We need a national debate on Muslim veils in public places, says minister

 
hijab
Getty
Staff|Agency16 September 2013

Britain should consider banning Muslim girls and women from wearing veils in schools and public places, a Home Office minister has said.

Liberal Democrat Jeremy Browne called for a national debate on whether the state should step in to prevent young women having the veil imposed upon them.

His intervention came after a row erupted over the decision by Birmingham Metropolitan College to drop a ban on the wearing of full-face veils amid public protests.

Mr Browne said he was "instinctively uneasy" about restricting religious freedoms but said there may be a case to act to protect girls who were too young to decide for themselves whether they wished to wear the veil or not.

"I think this is a good topic for national debate. People of liberal instincts will have competing notions of how to protect and promote freedom of choice," he told The Daily Telegraph.

hijab
Getty

"I am instinctively uneasy about restricting the freedom of individuals to observe the religion of their choice. That would apply to Christian minorities in the Middle East just as much as religious minorities here in Britain.

"But there is genuine debate about whether girls should feel a compulsion to wear a veil when society deems children to be unable to express personal choices about other areas like buying alcohol, smoking or getting married.

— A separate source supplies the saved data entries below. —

Lemma boxsum_sum_n (k N : nat) (F : nat -> (nat -> Z) -> C) (n : nat) :
  sum_n (fun i => boxsum k N (F i)) n = boxsum k N (fun m => sum_n (fun i => F i m) n).
Proof.
  induction n as [|n IH].
  - rewrite sum_O. f_equal. apply functional_extensionality. intros m. rewrite sum_O. reflexivity.
  - rewrite sum_Sn, IH.
    rewrite (functional_extensionality (fun m => sum_n (fun i => F i m) (S n))
               (fun m => sum_n (fun i => F i m) n + F (S n) m)%C) by (intros m; rewrite sum_Sn; reflexivity).
    symmetry. apply boxsum_plus.
Qed.

Lemma boxsum_Re (k N : nat) (F : (nat -> Z) -> C) :
  Re (boxsum k N F) = boxsumR k N (fun m => Re (F m)).
Proof.
  rewrite boxsum_boxsumG.
  apply (boxsumG_morph (G := C_AbelianMonoid) (H := R_AbelianMonoid) Re). reflexivity.
Qed.

Lemma boxsum_Im (k N : nat) (F : (nat -> Z) -> C) :
  Im (boxsum k N F) = boxsumR k N (fun m => Im (F m)).
Proof.
  rewrite boxsum_boxsumG.
  apply (boxsumG_morph (G := C_AbelianMonoid) (H := R_AbelianMonoid) Im). reflexivity.
Qed.

(* [f = (f + M) - M], and both [f + M] and [M] have box sums nondecreasing in [N] *)
Lemma boxsumR_cvg_dominated (k : nat) (f M : (nat -> Z) -> R) (B : R) :
  (forall m, Rabs (f m) <= M m) -> (forall N, boxsumR k N M <= B) ->
  exists l : R, is_lim_seq (fun N => boxsumR k N f) l /\ Rabs l <= B.
Proof.
  intros Hf HB.
  assert (HfM : forall m, - M m <= f m <= M m) by (intros m; apply Rabs_le_between, Hf).
  assert (HM : forall m, 0 <= M m) by (intros m; specialize (HfM m); lra).
  destruct (ex_finite_lim_seq_incr (fun N => boxsumR k N (fun m => f m + M m)) (2 * B)) as [lu Hu].
  { intros N. apply boxsumR_le_S. intros m. specialize (HfM m). lra. }
  { intros N. rewrite boxsumR_plus.
    assert (boxsumR k N f <= boxsumR k N M) by (apply boxsumR_le; intros m; apply HfM).
    specialize (HB N). lra. }
  destruct (ex_finite_lim_seq_incr (fun N => boxsumR k N M) B) as [lv Hv].
  { intros N. apply boxsumR_le_S, HM. }
  { exact HB. }
  assert (Hl : is_lim_seq (fun N => boxsumR k N f) (lu - lv)).
  { apply (is_lim_seq_ext (fun N => boxsumR k N (fun m => f m + M m) - boxsumR k N M)).
    - intros N. rewrite boxsumR_plus. ring.
    - apply is_lim_seq_minus'; auto. }
  exists (lu - lv). split; [exact Hl|].
  apply (is_lim_seq_Rabs_le _ _ _ Hl). intros N.
  eapply Rle_trans; [apply Rabs_boxsumR_le|].
  eapply Rle_trans; [apply boxsumR_le, Hf | apply HB].
Qed.

Lemma boxsum_cvg_dominated (k : nat) (F : (nat -> Z) -> C) (M : (nat -> Z) -> R) (B : R) :
  (forall m, Cmod (F m) <= M m) -> (forall N, boxsumR k N M <= B) ->
  exists l, is_Clim_seq (fun N => boxsum k N F) l /\ Cmod l <= 2 * B.
Proof.
  intros HF HB.
  destruct (boxsumR_cvg_dominated k (fun m => Re (F m)) M B) as [l1 [H1 B1]]; auto.
  { intros m. eapply Rle_trans; [apply re_le_Cmod | apply HF]. }
  destruct (boxsumR_cvg_dominated k (fun m => Im (F m)) M B) as [l2 [H2 B2]]; auto.
  { intros m. eapply Rle_trans; [apply im_le_Cmod | apply HF]. }
  exists (l1, l2). split; [split|].
  - apply (is_lim_seq_ext _ _ _ (fun N => eq_sym (boxsum_Re k N F)) H1).
  - apply (is_lim_seq_ext _ _ _ (fun N => eq_sym (boxsum_Im k N F)) H2).
  - eapply Rle_trans; [apply Cmod_le_Rabs_re_im|]. simpl. lra.
Qed.

(** * Gaussian decay on the lattice *)

Module LinearAlgebra.
Import all_boot all_algebra Rstruct GRing.Theory.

"We should be very cautious about imposing religious conformity on a society which has always valued freedom of expression."

It is thought that Mr Browne, who is attending his party's annual conference in Glasgow, is the first senior Lib Dem to voice such concerns in public.

However there are signs that his views are shared by a number of Conservative MPs who were dismayed at the way the Birmingham Metropolitan College case was handled.

The college had originally banned niqabs and burkas from its campuses eight years ago on the grounds that students should be easily identifiable at all times.

But when a 17-year-old prospective student complained to her local newspaper that she was being discriminated against, a campaign sprang up against the ban, attracting 8,000 signatures to an online petition in just 48 hours.

Following the college's decision to withdraw it, Downing Street said that David Cameron would support a ban in his children's schools, although the decision should rest with the head teacher.

However the Prime Minister has been coming under growing pressure from his own MPs for a re-think on current Department for Education guidelines in order to protect schools and colleges from being "bullied".

Tory backbencher Dr Sarah Wollaston, said the veils were "deeply offensive" and were "making women invisible" and called for the niqab to be banned in schools and colleges.

Writing for The Telegraph, she said: "It would be a perverse distortion of freedom if we knowingly allowed the restriction of communication in the very schools and colleges which should be equipping girls with skills for the modern world. We must not abandon our cultural belief that women should fully and equally participate in society."